** Data to process follows **
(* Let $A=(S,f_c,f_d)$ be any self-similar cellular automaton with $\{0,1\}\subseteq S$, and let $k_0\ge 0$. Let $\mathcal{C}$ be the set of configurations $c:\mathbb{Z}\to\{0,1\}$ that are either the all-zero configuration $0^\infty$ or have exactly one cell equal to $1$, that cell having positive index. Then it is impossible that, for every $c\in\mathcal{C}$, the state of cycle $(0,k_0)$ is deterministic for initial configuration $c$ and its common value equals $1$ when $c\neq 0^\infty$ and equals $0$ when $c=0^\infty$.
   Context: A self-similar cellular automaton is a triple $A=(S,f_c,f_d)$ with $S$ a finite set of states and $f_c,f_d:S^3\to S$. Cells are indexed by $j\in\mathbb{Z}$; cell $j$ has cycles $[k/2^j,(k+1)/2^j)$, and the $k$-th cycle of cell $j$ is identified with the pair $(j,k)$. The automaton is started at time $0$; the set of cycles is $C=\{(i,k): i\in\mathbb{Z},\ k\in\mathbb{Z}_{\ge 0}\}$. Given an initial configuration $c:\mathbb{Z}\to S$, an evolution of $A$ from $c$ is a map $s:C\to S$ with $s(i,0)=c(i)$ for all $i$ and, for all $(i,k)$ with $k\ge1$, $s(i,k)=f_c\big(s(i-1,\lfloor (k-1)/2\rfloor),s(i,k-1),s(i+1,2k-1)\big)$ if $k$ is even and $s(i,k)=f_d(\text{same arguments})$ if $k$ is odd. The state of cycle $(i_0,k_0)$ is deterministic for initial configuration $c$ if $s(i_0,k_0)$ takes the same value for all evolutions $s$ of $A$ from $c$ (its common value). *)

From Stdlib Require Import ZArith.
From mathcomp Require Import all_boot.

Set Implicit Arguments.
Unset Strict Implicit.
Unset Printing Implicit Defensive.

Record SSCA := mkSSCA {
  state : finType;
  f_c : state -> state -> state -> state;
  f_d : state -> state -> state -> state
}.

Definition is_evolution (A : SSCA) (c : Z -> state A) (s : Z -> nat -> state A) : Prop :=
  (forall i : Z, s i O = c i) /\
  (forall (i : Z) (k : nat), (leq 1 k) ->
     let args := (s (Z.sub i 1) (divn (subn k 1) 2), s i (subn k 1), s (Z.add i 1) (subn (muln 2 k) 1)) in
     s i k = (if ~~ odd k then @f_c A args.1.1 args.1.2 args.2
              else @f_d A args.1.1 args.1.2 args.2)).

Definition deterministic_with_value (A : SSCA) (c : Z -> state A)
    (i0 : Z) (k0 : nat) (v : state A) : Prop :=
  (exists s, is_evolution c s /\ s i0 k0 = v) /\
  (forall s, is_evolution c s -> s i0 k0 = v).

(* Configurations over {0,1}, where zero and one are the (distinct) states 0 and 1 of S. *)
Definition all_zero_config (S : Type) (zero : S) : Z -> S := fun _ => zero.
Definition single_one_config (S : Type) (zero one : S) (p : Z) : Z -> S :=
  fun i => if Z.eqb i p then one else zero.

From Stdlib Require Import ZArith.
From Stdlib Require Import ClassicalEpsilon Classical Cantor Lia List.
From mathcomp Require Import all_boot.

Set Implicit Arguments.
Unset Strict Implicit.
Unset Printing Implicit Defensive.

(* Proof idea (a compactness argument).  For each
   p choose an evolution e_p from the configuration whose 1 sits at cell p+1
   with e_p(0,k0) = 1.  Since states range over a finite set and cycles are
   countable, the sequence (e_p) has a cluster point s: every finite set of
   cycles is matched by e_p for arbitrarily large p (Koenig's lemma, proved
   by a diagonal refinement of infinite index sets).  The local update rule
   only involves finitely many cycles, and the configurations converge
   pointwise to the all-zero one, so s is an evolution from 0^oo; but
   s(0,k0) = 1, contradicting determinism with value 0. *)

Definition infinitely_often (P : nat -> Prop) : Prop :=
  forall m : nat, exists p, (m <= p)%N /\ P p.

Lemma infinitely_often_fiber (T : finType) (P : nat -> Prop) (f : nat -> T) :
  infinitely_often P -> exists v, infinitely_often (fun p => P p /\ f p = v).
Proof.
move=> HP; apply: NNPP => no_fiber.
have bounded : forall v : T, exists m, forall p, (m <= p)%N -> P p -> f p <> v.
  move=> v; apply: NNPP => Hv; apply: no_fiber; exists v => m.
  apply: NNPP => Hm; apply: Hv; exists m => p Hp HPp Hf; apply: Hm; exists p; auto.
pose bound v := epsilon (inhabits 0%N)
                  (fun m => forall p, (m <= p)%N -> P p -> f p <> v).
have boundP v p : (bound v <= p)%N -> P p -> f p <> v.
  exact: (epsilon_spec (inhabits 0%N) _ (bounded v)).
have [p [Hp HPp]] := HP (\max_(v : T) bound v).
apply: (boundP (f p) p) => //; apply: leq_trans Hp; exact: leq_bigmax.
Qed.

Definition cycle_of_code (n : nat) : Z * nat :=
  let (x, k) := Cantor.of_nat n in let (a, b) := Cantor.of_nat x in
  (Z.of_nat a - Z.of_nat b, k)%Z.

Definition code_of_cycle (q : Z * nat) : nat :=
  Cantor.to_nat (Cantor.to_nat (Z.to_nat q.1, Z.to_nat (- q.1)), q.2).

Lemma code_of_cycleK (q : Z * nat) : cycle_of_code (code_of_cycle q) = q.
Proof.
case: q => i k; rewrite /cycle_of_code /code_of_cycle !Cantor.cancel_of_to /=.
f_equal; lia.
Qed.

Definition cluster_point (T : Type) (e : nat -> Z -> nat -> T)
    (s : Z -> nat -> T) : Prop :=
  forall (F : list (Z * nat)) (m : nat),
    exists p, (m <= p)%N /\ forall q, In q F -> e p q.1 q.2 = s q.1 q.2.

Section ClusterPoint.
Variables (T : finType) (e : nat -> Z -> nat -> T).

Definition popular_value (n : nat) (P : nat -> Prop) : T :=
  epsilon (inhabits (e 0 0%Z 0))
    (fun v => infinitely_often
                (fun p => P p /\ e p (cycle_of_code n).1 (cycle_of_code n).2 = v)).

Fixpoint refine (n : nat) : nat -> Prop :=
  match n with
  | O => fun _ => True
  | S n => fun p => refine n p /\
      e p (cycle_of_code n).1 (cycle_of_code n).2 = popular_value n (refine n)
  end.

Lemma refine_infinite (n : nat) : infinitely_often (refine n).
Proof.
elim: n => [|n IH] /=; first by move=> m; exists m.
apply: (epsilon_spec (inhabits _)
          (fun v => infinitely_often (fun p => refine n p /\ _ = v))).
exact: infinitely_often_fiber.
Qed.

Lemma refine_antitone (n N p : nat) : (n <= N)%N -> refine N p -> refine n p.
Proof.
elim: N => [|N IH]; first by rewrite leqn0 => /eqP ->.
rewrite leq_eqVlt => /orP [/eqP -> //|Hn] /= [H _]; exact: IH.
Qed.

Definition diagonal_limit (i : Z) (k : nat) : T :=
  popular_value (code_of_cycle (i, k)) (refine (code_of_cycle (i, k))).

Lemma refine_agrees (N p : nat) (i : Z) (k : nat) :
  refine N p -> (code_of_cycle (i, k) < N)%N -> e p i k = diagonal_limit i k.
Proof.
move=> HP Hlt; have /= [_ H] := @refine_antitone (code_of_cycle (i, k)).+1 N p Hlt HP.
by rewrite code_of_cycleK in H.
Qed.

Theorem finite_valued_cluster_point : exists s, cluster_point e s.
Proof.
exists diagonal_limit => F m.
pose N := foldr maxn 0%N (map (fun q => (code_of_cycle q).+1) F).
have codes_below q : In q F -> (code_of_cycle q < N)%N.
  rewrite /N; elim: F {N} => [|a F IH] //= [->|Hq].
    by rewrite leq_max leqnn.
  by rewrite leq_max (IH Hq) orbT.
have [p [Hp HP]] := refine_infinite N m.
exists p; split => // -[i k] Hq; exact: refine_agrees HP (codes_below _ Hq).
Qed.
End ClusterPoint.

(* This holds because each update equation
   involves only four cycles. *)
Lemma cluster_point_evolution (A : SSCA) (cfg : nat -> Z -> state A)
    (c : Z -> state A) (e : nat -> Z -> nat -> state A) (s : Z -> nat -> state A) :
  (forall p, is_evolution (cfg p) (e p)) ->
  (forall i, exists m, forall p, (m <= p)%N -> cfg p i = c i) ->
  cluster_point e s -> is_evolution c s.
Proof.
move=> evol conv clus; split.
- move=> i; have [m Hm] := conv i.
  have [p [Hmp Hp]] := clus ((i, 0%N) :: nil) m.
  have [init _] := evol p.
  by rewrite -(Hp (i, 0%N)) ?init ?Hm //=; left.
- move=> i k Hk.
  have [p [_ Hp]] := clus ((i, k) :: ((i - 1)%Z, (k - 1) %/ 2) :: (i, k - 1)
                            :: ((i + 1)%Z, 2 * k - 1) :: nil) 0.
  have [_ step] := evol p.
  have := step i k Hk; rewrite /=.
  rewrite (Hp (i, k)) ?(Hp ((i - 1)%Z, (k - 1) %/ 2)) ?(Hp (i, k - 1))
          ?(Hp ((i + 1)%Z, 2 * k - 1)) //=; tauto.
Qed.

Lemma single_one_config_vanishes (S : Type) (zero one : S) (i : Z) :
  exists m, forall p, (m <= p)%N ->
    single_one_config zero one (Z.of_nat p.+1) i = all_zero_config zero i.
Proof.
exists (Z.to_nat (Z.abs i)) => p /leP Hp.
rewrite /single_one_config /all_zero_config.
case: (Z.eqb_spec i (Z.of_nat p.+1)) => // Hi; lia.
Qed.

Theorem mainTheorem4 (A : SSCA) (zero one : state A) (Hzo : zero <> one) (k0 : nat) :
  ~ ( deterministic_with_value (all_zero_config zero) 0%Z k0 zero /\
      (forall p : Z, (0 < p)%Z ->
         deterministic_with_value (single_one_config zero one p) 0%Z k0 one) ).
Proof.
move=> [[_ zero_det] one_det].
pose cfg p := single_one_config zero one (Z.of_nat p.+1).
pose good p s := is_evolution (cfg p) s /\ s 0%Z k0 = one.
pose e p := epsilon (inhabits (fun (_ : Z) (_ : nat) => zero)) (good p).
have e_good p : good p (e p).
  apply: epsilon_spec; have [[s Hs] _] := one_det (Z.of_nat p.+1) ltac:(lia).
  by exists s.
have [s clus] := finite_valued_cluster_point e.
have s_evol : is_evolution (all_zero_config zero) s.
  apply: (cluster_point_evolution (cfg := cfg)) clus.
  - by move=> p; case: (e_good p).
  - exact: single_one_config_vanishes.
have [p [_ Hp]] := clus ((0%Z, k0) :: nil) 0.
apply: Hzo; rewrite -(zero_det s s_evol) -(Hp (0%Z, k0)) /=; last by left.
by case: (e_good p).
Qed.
** End of Data to process **
** Data to process follows **
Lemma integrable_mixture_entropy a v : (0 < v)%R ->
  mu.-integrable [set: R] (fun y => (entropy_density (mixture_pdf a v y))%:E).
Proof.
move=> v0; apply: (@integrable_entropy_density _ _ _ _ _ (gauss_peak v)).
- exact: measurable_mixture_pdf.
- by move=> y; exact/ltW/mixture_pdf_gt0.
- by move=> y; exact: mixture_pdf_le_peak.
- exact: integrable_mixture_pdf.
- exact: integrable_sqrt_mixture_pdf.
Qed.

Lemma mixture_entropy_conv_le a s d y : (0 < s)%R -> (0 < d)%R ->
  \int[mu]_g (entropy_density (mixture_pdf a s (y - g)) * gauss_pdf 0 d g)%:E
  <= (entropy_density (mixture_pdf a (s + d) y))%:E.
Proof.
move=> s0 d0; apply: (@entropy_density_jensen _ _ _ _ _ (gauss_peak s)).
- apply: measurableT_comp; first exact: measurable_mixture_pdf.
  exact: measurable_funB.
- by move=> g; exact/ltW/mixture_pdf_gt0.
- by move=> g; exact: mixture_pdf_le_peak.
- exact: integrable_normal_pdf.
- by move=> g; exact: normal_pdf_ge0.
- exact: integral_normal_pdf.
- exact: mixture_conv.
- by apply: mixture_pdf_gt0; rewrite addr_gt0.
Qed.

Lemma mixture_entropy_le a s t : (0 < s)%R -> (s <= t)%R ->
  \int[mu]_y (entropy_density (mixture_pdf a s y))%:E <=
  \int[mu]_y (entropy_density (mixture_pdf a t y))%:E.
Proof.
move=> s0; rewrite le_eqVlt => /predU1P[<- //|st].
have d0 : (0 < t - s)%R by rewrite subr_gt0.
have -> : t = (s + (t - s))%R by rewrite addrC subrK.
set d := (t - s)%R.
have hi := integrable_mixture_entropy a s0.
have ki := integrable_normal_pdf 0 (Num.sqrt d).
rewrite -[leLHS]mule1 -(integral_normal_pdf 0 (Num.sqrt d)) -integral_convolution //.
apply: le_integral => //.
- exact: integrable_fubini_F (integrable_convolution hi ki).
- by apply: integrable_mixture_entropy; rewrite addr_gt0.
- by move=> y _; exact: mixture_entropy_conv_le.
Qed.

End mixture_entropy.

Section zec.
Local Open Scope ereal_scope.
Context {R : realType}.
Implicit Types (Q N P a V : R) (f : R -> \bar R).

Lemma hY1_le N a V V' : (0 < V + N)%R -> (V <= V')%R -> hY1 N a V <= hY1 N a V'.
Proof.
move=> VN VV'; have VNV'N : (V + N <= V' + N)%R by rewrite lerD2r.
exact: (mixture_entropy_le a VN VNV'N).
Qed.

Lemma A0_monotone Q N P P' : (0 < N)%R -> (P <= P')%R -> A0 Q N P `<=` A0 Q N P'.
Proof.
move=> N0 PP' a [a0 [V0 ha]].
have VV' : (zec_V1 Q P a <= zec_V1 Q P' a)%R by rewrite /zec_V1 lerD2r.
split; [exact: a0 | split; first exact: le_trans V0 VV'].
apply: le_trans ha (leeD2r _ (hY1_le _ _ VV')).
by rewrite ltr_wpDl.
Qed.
** End of Data to process **
Return the span of lines in the data above that opens at the line with "with e_p(0,k0) = 1." and closes at the line with "cycles is matched", exactly, ends included, nothing else.

#### Task output:
   with e_p(0,k0) = 1.  Since states range over a finite set and cycles are
   countable, the sequence (e_p) has a cluster point s: every finite set of
   cycles is matched by e_p for arbitrarily large p (Koenig's lemma, proved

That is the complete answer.